======== Supplied material ========

Lemma is_lim_seq_count_double (c g : nat -> R) (L : R) :
  (forall N, c (2 * N)%nat = g N) ->
  (forall N, 0 <= c (2 * N + 1)%nat - c (2 * N)%nat <= 1) ->
  is_lim_seq (fun N => g N / INR N) L ->
  is_lim_seq (fun n => c n / INR n) (L / 2).
Proof.
  intros Hc Hd HL. apply is_lim_seq_even_odd.
  - apply (is_lim_seq_ext (fun N => / 2 * (g N / INR N))).
    + intro N. rewrite Hc, mult_INR. unfold Rdiv. rewrite Rinv_mult. change (INR 2) with 2. ring.
    + replace (L / 2) with (/ 2 * L) by (unfold Rdiv; ring).
      exact (is_lim_seq_scal_l _ (/ 2) L HL).
  - (* [c (2N+1) / (2N+1) = (g N / N) (N / (2N+1)) + (c (2N+1) - c (2N)) / (2N+1)],
       with [N / (2N+1) = 1/2 - 1/(2(2N+1))] *)
    apply (is_lim_seq_ext_loc (fun N => g N / INR N * (/ 2 - / 2 * / INR (2 * N + 1))
                        + (c (2 * N + 1)%nat - c (2 * N)%nat) * / INR (2 * N + 1))).
    + exists 1%nat. intros N HN. rewrite <- (Hc N).
      assert (INR N <> 0) by (apply not_0_INR; lia).
      assert (INR (2 * N + 1) = 2 * INR N + 1) as -> by (rewrite plus_INR, mult_INR; simpl; ring).
      field. split; [pose proof (pos_INR N); lra | assumption].
    + assert (Hfactor : is_lim_seq (fun N => / 2 - / 2 * / INR (2 * N + 1)) (/ 2 - / 2 * 0)).
      { apply (is_lim_seq_minus' (fun _ => / 2)); [apply is_lim_seq_const|].
        exact (is_lim_seq_scal_l _ (/ 2) 0 is_lim_seq_inv_double_succ). }
      assert (Hjump : is_lim_seq (fun N => (c (2 * N + 1)%nat - c (2 * N)%nat) * / INR (2 * N + 1)) 0).
      { apply (is_lim_seq_le_le (fun _ => 0) _ (fun N => / INR (2 * N + 1)));
          [|apply is_lim_seq_const|apply is_lim_seq_inv_double_succ].
        intro N. assert (0 < / INR (2 * N + 1)) by (apply Rinv_0_lt_compat, lt_0_INR; lia).
        specialize (Hd N). split; nra. }
      replace (L / 2) with (L * (/ 2 - / 2 * 0) + 0) by (unfold Rdiv; ring).
      exact (is_lim_seq_plus' _ _ _ _ (is_lim_seq_mult' _ _ _ _ HL Hfactor) Hjump).
Qed.

Lemma freq_lim F k : has_freqs F -> is_lim_seq (freq F k) (level_density F k).
Proof. intro HF. destruct (HF k) as [l Hl]. rewrite (level_density_lim _ _ _ Hl). exact Hl. Qed.

Lemma freq_nonneg F k N : 0 <= freq F k N.
Proof.
  unfold freq. destruct N as [|N]; [cbn; lra|].
  apply Rdiv_le_0_compat; [apply pos_INR|apply lt_0_INR; lia].
Qed.

Lemma level_density_nonneg F k : has_freqs F -> 0 <= level_density F k.
Proof.
  intro HF. apply (is_lim_seq_le (fun _ => 0) (freq F k) 0 (level_density F k));
    [apply freq_nonneg|apply is_lim_seq_const|apply freq_lim, HF].
Qed.

Lemma sum_indicator_injective (g : nat -> Z) (v : Z) (M : nat) :
  (forall m n, g m = g n -> m = n) ->
  sum_f_R0 (fun n => if Z.eqb v (g n) then 1 else 0) M <= 1.
Proof.
  intro Hg.
  enough (Hinv : sum_f_R0 (fun n => if Z.eqb v (g n) then 1 else 0) M <= 1 /\
                 ((forall n, (n <= M)%nat -> v <> g n) ->
                  sum_f_R0 (fun n => if Z.eqb v (g n) then 1 else 0) M = 0)) by apply Hinv.
  induction M as [|M [IHle IHzero]]; cbn.
  - destruct (Z.eqb_spec v (g 0%nat)) as [E|E]; split; try lra.
    intro Habs. exfalso. exact (Habs 0%nat (le_n 0) E).
  - destruct (Z.eqb_spec v (g (Datatypes.S M))) as [E|E]; split.
    + rewrite IHzero; [lra|]. intros n Hn Hv. rewrite Hv in E. apply Hg in E. lia.
    + intro Habs. exfalso. exact (Habs _ (le_n _) E).
    + lra.
    + intro Habs. rewrite IHzero; [ring|]. intros n Hn. apply Habs. lia.
Qed.

Lemma sum_cnt_injective F (g : nat -> Z) (M N : nat) :
  (forall m n, g m = g n -> m = n) ->
  sum_f_R0 (fun n => INR (cnt (fun m => Z.eqb (F m) (g n)) N)) M <= INR N.
Proof.
  intro Hg. induction N as [|N IH].
  - cbn. rewrite sum_eq_R0; [lra|reflexivity].
  - rewrite (sum_eq _ (fun n => INR (cnt (fun m => Z.eqb (F m) (g n)) N)
                                + (if Z.eqb (F N) (g n) then 1 else 0)))
      by (intros n _; rewrite cnt_succ, plus_INR; destruct (Z.eqb (F N) (g n)); reflexivity).
    rewrite sum_plus, S_INR. pose proof (sum_indicator_injective g (F N) M Hg). lra.
Qed.

Lemma level_density_sum_le_1 F (g : nat -> Z) (M : nat) :
  has_freqs F -> (forall m n, g m = g n -> m = n) ->
  sum_f_R0 (fun n => level_density F (g n)) M <= 1.
Proof.
  intros HF Hg.
  assert (Hlim : is_lim_seq (fun N => sum_f_R0 (fun n => freq F (g n) N) M)
                            (sum_f_R0 (fun n => level_density F (g n)) M)).
  { induction M as [|M IH]; cbn; [|apply (is_lim_seq_plus' _ _ _ _ IH)]; apply freq_lim, HF. }
  enough (Hle : forall N, sum_f_R0 (fun n => freq F (g n) N) M <= 1)
    by exact (is_lim_seq_le _ (fun _ => 1) _ 1 Hle Hlim (is_lim_seq_const 1)).
  intro N. destruct N as [|N].
  - unfold freq. cbn. rewrite sum_eq_R0; [lra|intros; cbn; unfold Rdiv; rewrite Rinv_0; ring].
  - unfold freq, Rdiv. rewrite <- scal_sum.
    pose proof (sum_cnt_injective F g M (Datatypes.S N) Hg).
    assert (0 < INR (Datatypes.S N)) by (apply lt_0_INR; lia).
    apply (Rmult_le_reg_l (INR (Datatypes.S N))); [lra|].
    rewrite <- Rmult_assoc, Rinv_r, Rmult_1_l by lra. lra.
Qed.
Definition DivL (M : G -> Prop) (a : G) (b : G) : Prop := M b /\ leL M b a.
Definition DivR (M : G -> Prop) (a : G) (b : G) : Prop := M b /\ leR M b a.

Definition balanced (M : G -> Prop) (a : G) : Prop :=
  M a /\ forall b, DivL M a b <-> DivR M a b.

(* Div(a) for balanced a *)
Definition Div (M : G -> Prop) (a : G) : G -> Prop := DivL M a.

Definition noetherian (M : G -> Prop) : Prop :=
  forall a, M a -> exists n : nat, forall l : list G,
    Forall (fun x => M x /\ x <> 1) l -> gprod l = a -> length l <= n.

Definition finite_set (X : G -> Prop) : Prop :=
  exists l : list G, forall x, X x <-> In x l.

Definition is_lattice (le : G -> G -> Prop) : Prop :=
  (forall a b, exists j, le a j /\ le b j /\
      forall c, le a c -> le b c -> le j c) /\
  (forall a b, exists m, le m a /\ le m b /\
      forall c, le c a -> le c b -> le c m).

Definition garside (M : G -> Prop) (Delta : G) : Prop :=
  submonoid M /\
  (forall x, M x -> M (x^-1) -> x = 1) /\
  balanced M Delta /\
  noetherian M /\
  finite_set (Div M Delta) /\
  (forall a, M a <-> gen_monoid (Div M Delta) a) /\
  (forall g, gen_group (Div M Delta) g) /\
  is_lattice (leL M).

(* parabolic substructure (H, N, delta): H and N are the subgroup / submonoid
   generated by Div(delta) (see Hsub, Nsub below) *)
Definition Hsub (M : G -> Prop) (delta : G) : G -> Prop := gen_group (Div M delta).
Definition Nsub (M : G -> Prop) (delta : G) : G -> Prop := gen_monoid (Div M delta).
(* For all integers $k,l\ge2$, $La^*([k]\times[l],\vee_3)=2(k+l)-4$.
   Context: $[k]\times[l]$ is ordered coordinatewise. $\vee_3$ is the poset on four elements $a,b_1,b_2,b_3$ whose only relations are $a<b_i$, $i=1,2,3$. For posets $P,R$, $P$ is a strong subposet of $R$ if there is an injection $i:P\to R$ with $p\le_P p'\iff i(p)\le_R i(p')$. A subset $F\subseteq Q$ is strong $P$-free if $P$ is not a strong subposet of $F$ with the induced order; $La^*(Q,P)$ is the maximum size of a strong $P$-free subset of $Q$. *)

From mathcomp Require Import all_boot.
Set Implicit Arguments. Unset Strict Implicit. Unset Printing Implicit Defensive.

(* The grid [k] x [l]: elements (i,j) with i in {0..k-1}, j in {0..l-1}
   (a relabelling of {1..k} x {1..l}), ordered coordinatewise. *)
Definition grid (k l : nat) : finType := ('I_k * 'I_l)%type.

Definition grid_le (k l : nat) (x y : grid k l) : bool :=
  (x.1 <= y.1)%N && (x.2 <= y.2)%N.

(* The poset V_3 on four elements a = 0, b_1 = 1, b_2 = 2, b_3 = 3,
   whose only strict relations are a < b_i. *)
Definition vee3_le (x y : 'I_4) : bool := (x == y) || (val x == 0%N).

Definition strong_subposet_in (P R : finType) (leP : rel P) (leR : rel R)
  (F : {set R}) : Prop :=
  exists i : P -> R,
    injective i /\ (forall p, i p \in F) /\
    (forall p p', leP p p' = leR (i p) (i p')).

Definition strong_vee3_free (k l : nat) (F : {set grid k l}) : Prop :=
  ~ strong_subposet_in vee3_le (@grid_le k l) F.

Definition is_La_star_grid_vee3 (k l m : nat) : Prop :=
  (exists F : {set grid k l}, strong_vee3_free F /\ #|F| = m) /\
  (forall F : {set grid k l}, strong_vee3_free F -> (#|F| <= m)%N).

From mathcomp Require Import all_boot zify.
Set Implicit Arguments. Unset Strict Implicit. Unset Printing Implicit Defensive.

(* Lower bound: the frame of the grid (the points on its boundary) has
   2(k+l)-4 points and is V_3-free, because among three pairwise incomparable
   grid points the middle one (in the first coordinate) lies strictly inside.

   Upper bound: by induction on the numbers of rows and columns.  To make the
   induction go through, a configuration comes with a set of links between
   consecutive rows: along a chain of linked rows, going up never decreases
   the first coordinate.  One bounds (number of points) + (number of links) by
   2(K+L)-4.  A row with at most two points, or at most one if a link touches
   it, is deleted, and the two links around it are merged into one.  If there
   is no such row, there are at least three columns (with two, every row would
   be full and linked, and the lowest link would be violated), and no point of
   the first column sits directly above a link (the linked row below it has a
   point further right).  The first column is then deleted and
   each of its points strictly between its lowest point lo and its highest
   point hi is traded for a new link: rows lo .. hi-1 may be linked because an
   inversion among them would form a V_3 with the points at lo and hi. *)

Lemma sum_nat_eq_le1 n a : \sum_(0 <= y < n) (y == a : nat) <= 1.
Proof. by rewrite -big_mkcond /= big_nat1_eq; case: ifP. Qed.
(* For every $2n_1\in\{18,20\}$, $2n_2\in\{22,24,26\}$, $2n_3\in\{28,30\}$ and every integer $s\ge1$, there exist ternary Euclidean formally self-dual LCD codes with parameters $[4sn_1,2sn_1,6]_3$, $[4sn_2,2sn_2,7]_3$ and $[4sn_3,2sn_3,8]_3$. In addition, a ternary Euclidean formally self-dual LCD $[32s,16s,5]_3$ code exists for every integer $s\ge1$.
   Context: A linear code $\mathcal{C}$ over $\mathbb{F}_3$ is Euclidean LCD if $\mathcal{C}\cap\mathcal{C}^{\perp_E}=\{0\}$, where $\perp_E$ is the dual with respect to $\sum_ix_iy_i$; it is Euclidean formally self-dual if it has the same weight distribution as $\mathcal{C}^{\perp_E}$. $[n,k,d]_3$ denotes length $n$, dimension $k$, minimum distance $d$. *)

From HB Require Import structures.
From mathcomp Require Import all_boot all_order all_algebra.
Set Implicit Arguments. Unset Strict Implicit. Unset Printing Implicit Defensive.
Import GRing.Theory.
Local Open Scope ring_scope.

(* A ternary linear code of length n is a subspace of F_3^n (row vectors),
   represented as the row space of a square matrix G (mxalgebra convention). *)
Definition code (n : nat) := 'M['F_3]_n.

Definition in_code n (C : code n) (c : 'rV['F_3]_n) : bool := (c <= C)%MS.

(* Euclidean dual: all x with sum_i x_i y_i = 0 for every y in C,
   i.e. x *m C^T = 0; this is the row space of kermx C^T. *)
Definition edual n (C : code n) : code n := kermx C^T.

Definition wt n (c : 'rV['F_3]_n) : nat := #|[set i : 'I_n | c 0 i != 0]|.

Definition dim n (C : code n) : nat := \rank C.

Definition min_dist n (C : code n) (d : nat) : Prop :=
  (exists2 c, in_code C c & (c != 0) && (wt c == d)) /\
  (forall c, in_code C c -> c != 0 -> (d <= wt c)%N).

Definition wdist n (C : code n) (w : nat) : nat :=
  #|[set c : 'rV['F_3]_n | in_code C c & wt c == w]|.

Definition is_LCD n (C : code n) : Prop := (C :&: edual C == (0 : 'M['F_3]_n))%MS.

Definition is_formally_self_dual n (C : code n) : Prop :=
  forall w, wdist C w = wdist (edual C) w.

Definition fsd_lcd_code n (C : code n) (k d : nat) : Prop :=
  [/\ is_LCD C, is_formally_self_dual C, dim C = k & min_dist C d].

From Pilot Require Import Defs.
From mathcomp Require Import all_boot all_order all_algebra.
From mathcomp Require Import zify.
Set Implicit Arguments. Unset Strict Implicit. Unset Printing Implicit Defensive.
Import GRing.Theory.
Local Open Scope ring_scope.

(* Each code is generated by [(1 | B)] with [B] symmetric over F_3.  Its dual is
   then generated by [(-B | 1)], and [(x, y) |-> (-y, x)] is a weight-preserving
   bijection between the two, so the code is formally self-dual; it meets its dual
   only in 0 when [1 + B^2] is invertible; and its minimum distance is the least
   value of [wt x + wt (x B)] over [x != 0].  These properties survive replacing [B]
   by the block-diagonal sum of [s] copies of [B], so one matrix of each order
   16, 18, ..., 30 suffices.  For those, the properties are certified by
   computation: symmetry and the inverses of [B] and [1 + B^2] are checked
   entrywise, and as [d <= 2(t + 1)], a word [x] with [wt x + wt (x B) < d] has
   [wt x <= t] or [wt (x B) <= t], so only the words of weight at most [t] need to
   be tried, against both [B] and [B^-1]. *)

Lemma wtE n (c : 'rV['F_3]_n) : wt c = (\sum_(i < n) (c ord0 i != 0%R))%N.
Proof.
rewrite /wt cardsE -sum1_card big_mkcond /=; apply: eq_bigr => i _.
by rewrite unfold_in; case: (c 0 i != 0).
Qed.

Lemma wt0 n : wt (0 : 'rV['F_3]_n) = 0%N.
Proof. by rewrite wtE big1 // => i _; rewrite mxE eqxx. Qed.

Lemma wt_opp n (c : 'rV['F_3]_n) : wt (- c) = wt c.
Proof. by rewrite !wtE; apply: eq_bigr => i _; rewrite mxE oppr_eq0. Qed.

Lemma wt_row_mx m n (a : 'rV['F_3]_m) (b : 'rV['F_3]_n) :
  wt (row_mx a b) = (wt a + wt b)%N.
Proof.
rewrite !wtE big_split_ord /=.
by congr (_ + _)%N; apply: eq_bigr => i _; rewrite (row_mxEl, row_mxEr).
Qed.

Lemma wdist_le_isometry n (C D : code n) (f : 'rV['F_3]_n -> 'rV['F_3]_n) w :
  injective f -> (forall c, wt (f c) = wt c) ->
  (forall c, in_code C c -> in_code D (f c)) -> (wdist C w <= wdist D w)%N.
Proof.
move=> f_inj wt_f fCD; rewrite /wdist -(card_imset _ f_inj).
apply/subset_leq_card/subsetP => _ /imsetP [c + ->]; rewrite !inE wt_f.
by case/andP=> /fCD -> ->.
Qed.

Section SystematicCode.

Variables (m : nat) (B : 'M['F_3]_m).

Definition sys_code : code (m + m) := col_mx (row_mx 1%:M B) 0.

Lemma sys_codeP c :
  reflect (exists x, c = row_mx x (x *m B)) (in_code sys_code c).
Proof.
apply: (iffP submxP) => [[z ->]|[x ->]]; last first.
  by exists (row_mx x 0); rewrite mul_row_col mulmx0 addr0 mul_mx_row mulmx1.
exists (lsubmx z); rewrite -{1}[z]hsubmxK mul_row_col mulmx0 addr0.
by rewrite mul_mx_row mulmx1.
Qed.

Lemma sys_code_dim : Defs.dim sys_code = m.
Proof.
rewrite /Defs.dim -addsmxE addsmx0; apply/eqP; rewrite eqn_leq rank_leq_row /=.
have := mxrankM_maxl (row_mx 1%:M B) (col_mx 1%:M 0).
by rewrite mul_row_col mulmx1 mulmx0 addr0 mxrank1.
Qed.

Lemma sys_code_min_dist d :
  (exists2 x, x != 0 & (wt x + wt (x *m B))%N = d) ->
  (forall x, x != 0 -> (d <= wt x + wt (x *m B))%N) ->
  min_dist sys_code d.
Proof.
move=> [x x_neq0 wt_x] d_le; split.
  exists (row_mx x (x *m B)); first by apply/sys_codeP; exists x.
  by rewrite row_mx_eq0 negb_and x_neq0 wt_row_mx wt_x eqxx.
move=> _ /sys_codeP [y ->]; rewrite wt_row_mx => yB_neq0; apply: d_le.
by apply: contraNneq yB_neq0 => ->; rewrite mul0mx row_mx0.
Qed.

Hypothesis B_sym : B^T = B.

Lemma in_dual_sys_code c :
  in_code (edual sys_code) c = (lsubmx c + rsubmx c *m B == 0).
Proof.
rewrite /in_code /edual sub_kermx tr_col_mx tr_row_mx trmx1 B_sym trmx0.
rewrite mul_mx_row mulmx0 -[c in c *m col_mx _ _]hsubmxK mul_row_col mulmx1.
by rewrite row_mx_eq0 eqxx andbT.
Qed.

Lemma sys_code_LCD : (1%:M + B *m B) \in unitmx -> is_LCD sys_code.
Proof.
move=> IBB_unit; apply/andP; split; last exact: sub0mx.
apply/row_subP => i; have := row_sub i (sys_code :&: edual sys_code)%MS.
rewrite sub_capmx => /andP [/sys_codeP [x ->]].
rewrite -/(in_code _ _) in_dual_sys_code row_mxKl row_mxKr => /eqP x_dual.
have -> : x = 0.
  by rewrite -[x](mulmxK IBB_unit) mulmxDr mulmx1 mulmxA x_dual mul0mx.
by rewrite mul0mx row_mx0 sub0mx.
Qed.

Definition swap_halves (c : 'rV['F_3]_(m + m)) := row_mx (- rsubmx c) (lsubmx c).

Lemma wt_swap_halves c : wt (swap_halves c) = wt c.
Proof. by rewrite wt_row_mx wt_opp -{3}[c]hsubmxK wt_row_mx addnC. Qed.

Lemma swap_halves_inj : injective swap_halves.
Proof.
move=> c1 c2 /eq_row_mx [/oppr_inj eq_r eq_l].
by rewrite -[c1]hsubmxK -[c2]hsubmxK eq_r eq_l.
Qed.

Lemma sys_code_fsd : is_formally_self_dual sys_code.
Proof.
move=> w; apply/eqP; rewrite eqn_leq.
apply/andP; split; apply: wdist_le_isometry swap_halves_inj wt_swap_halves _.
  move=> _ /sys_codeP [x ->]; rewrite in_dual_sys_code.
  by rewrite /swap_halves !row_mxKl !row_mxKr addNr.
move=> c; rewrite in_dual_sys_code addr_eq0 => /eqP c_l.
by apply/sys_codeP; exists (- rsubmx c); rewrite /swap_halves c_l mulNmx.
Qed.

End SystematicCode.

Definition fsd_lcd_block d m (B : 'M['F_3]_m) :=
  [/\ B^T = B, (1%:M + B *m B) \in unitmx &
      forall x : 'rV_m, x != 0 -> (d <= wt x + wt (x *m B))%N].

Definition attains_weight d m (B : 'M['F_3]_m) :=
  exists2 x : 'rV_m, x != 0 & (wt x + wt (x *m B))%N = d.

Lemma fsd_lcd_code_sys d m (B : 'M['F_3]_m) :
  fsd_lcd_block d B -> attains_weight d B -> fsd_lcd_code (sys_code B) m d.
Proof.
case=> B_sym IBB_unit d_le d_attained; split.
- exact: sys_code_LCD.
- exact: sys_code_fsd.
- exact: sys_code_dim.
- exact: sys_code_min_dist.
Qed.

Lemma fsd_lcd_block0 d (B : 'M['F_3]_0) : fsd_lcd_block d B.
Proof.
split; first by rewrite [B]flatmx0 [_^T]flatmx0.
  by rewrite unitmxE det_mx00 unitr1.
by move=> x; rewrite [x]thinmx0 eqxx.
Qed.

Lemma fsd_lcd_block_diag d p m (A : 'M['F_3]_p) (B : 'M['F_3]_m) :
  fsd_lcd_block d A -> fsd_lcd_block d B -> fsd_lcd_block d (block_mx A 0 0 B).
Proof.
case=> A_sym IAA_unit dA [B_sym IBB_unit dB]; split.
- by rewrite tr_block_mx A_sym B_sym !trmx0.
- rewrite mulmx_block !mulmx0 !mul0mx !addr0 !add0r (scalar_mx_block p m).
  by rewrite add_block_mx !addr0 unitmxE det_ublock unitrM -!unitmxE IAA_unit.
- move=> x; rewrite -[x]hsubmxK mul_row_block !mulmx0 addr0 add0r !wt_row_mx.
  have [-> x_neq0|xl_neq0 _] := eqVneq (lsubmx x) 0; last by have := dA _ xl_neq0; lia.
  have xr_neq0 : rsubmx x != 0 by apply: contraNneq x_neq0 => ->; rewrite row_mx0.
  by have := dB _ xr_neq0; lia.
Qed.

Lemma attains_weight_block_diag d p m (A : 'M['F_3]_p) (B : 'M['F_3]_m) :
  attains_weight d A -> attains_weight d (block_mx A 0 0 B).
Proof.
case=> x x_neq0 wt_x; exists (row_mx x 0).
  by rewrite -row_mx0; apply: contra_neq x_neq0 => /eq_row_mx [].
by rewrite mul_row_block !mulmx0 mul0mx !addr0 !wt_row_mx wt0 !addn0.
Qed.

Lemma fsd_lcd_code_repeat d p (A : 'M['F_3]_p) s :
  fsd_lcd_block d A -> attains_weight d A -> (0 < s)%N ->
  exists C : code (s * p + s * p), fsd_lcd_code C (s * p) d.
Proof.
move=> dA A_attains s_gt0.
suff [B dB B_attains] : exists2 B : 'M_(s * p), fsd_lcd_block d B &
    (0 < s)%N -> attains_weight d B.
  by exists (sys_code B); apply: fsd_lcd_code_sys (B_attains s_gt0).
elim: {s_gt0}s => [|s [B dB _]]; first by exists 0; first exact: fsd_lcd_block0.
rewrite mulSn; exists (block_mx A 0 0 B); first exact: fsd_lcd_block_diag.
by move=> _; apply: attains_weight_block_diag.
Qed.
(* Assume only the weight regularity condition (so $\mathbb E[W^2]<\infty$). Then \[ \lim_{\beta\nearrow\beta_c}\widetilde\chi(\beta,0^+)(\beta_c-\beta)=\frac{\mathbb E[W]^2}{\mathbb E[W^2]}\tanh(\beta_c), \] so in particular $\boldsymbol\gamma=1$.
   Context: Weights $w_i>0$, $W_N=w_{U_N}$, $U_N$ uniform on $[N]$. Weight regularity: $W_N\to W$ in distribution, $\mathbb E[W_N^2]\to\mathbb E[W^2]<\infty$, $\mathbb E[W]>0$. $\nu=\mathbb E[W^2]/\mathbb E[W]$, $\beta_c={\rm asinh}(1/\nu)$, $\alpha(\beta)=\sqrt{\sinh(\beta)/\mathbb E[W]}$. For $B>0$, $z^*(\beta,B)$ is the unique positive solution of $z=\mathbb E[\tanh(\alpha(\beta)Wz+B)\alpha(\beta)W]$ (for $\beta<\beta_c$, $z^*(\beta,B)\to0$ as $B\searrow0$), $\widetilde M(\beta,B)=\mathbb E[\tanh(\alpha(\beta)Wz^*+B)]$ is the limiting annealed magnetization of the Ising model on the generalized random graph, $\widetilde\chi(\beta,B)=\partial_B\widetilde M(\beta,B)$ the limiting annealed susceptibility, and $\widetilde\chi(\beta,0^+)=\lim_{B\searrow0}\widetilde\chi(\beta,B)$. The critical exponent $\boldsymbol\gamma$ is defined by $\widetilde\chi(\beta,0^+)\asymp(\beta_c-\beta)^{-\boldsymbol\gamma}$ as $\beta\nearrow\beta_c$. *)

From Stdlib Require Import Reals Lra ClassicalEpsilon.
Open Scope R_scope.


(* The law of the limiting weight W >= 0 is represented by its quantile
   function Q : (0,1) -> [0,oo), nondecreasing: W has the law of Q(U),
   U uniform on (0,1).  Hence E[g(W)] = \int_0^1 g(Q u) du, an (in general
   improper at 0 and 1) Riemann integral. *)
Definition is_quantile (Q : R -> R) : Prop :=
  (forall u, 0 < u < 1 -> 0 <= Q u) /\
  (forall u v, 0 < u -> u <= v -> v < 1 -> Q u <= Q v).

========

Task statement - Each line from the top of the records above through the line containing "exact (is_lim_seq_scal_l _ (/ 2) L HL)." needs to be transcribed exactly, and no line after it.

Task answer -
Lemma is_lim_seq_count_double (c g : nat -> R) (L : R) :
  (forall N, c (2 * N)%nat = g N) ->
  (forall N, 0 <= c (2 * N + 1)%nat - c (2 * N)%nat <= 1) ->
  is_lim_seq (fun N => g N / INR N) L ->
  is_lim_seq (fun n => c n / INR n) (L / 2).
Proof.
  intros Hc Hd HL. apply is_lim_seq_even_odd.
  - apply (is_lim_seq_ext (fun N => / 2 * (g N / INR N))).
    + intro N. rewrite Hc, mult_INR. unfold Rdiv. rewrite Rinv_mult. change (INR 2) with 2. ring.
    + replace (L / 2) with (/ 2 * L) by (unfold Rdiv; ring).
      exact (is_lim_seq_scal_l _ (/ 2) L HL).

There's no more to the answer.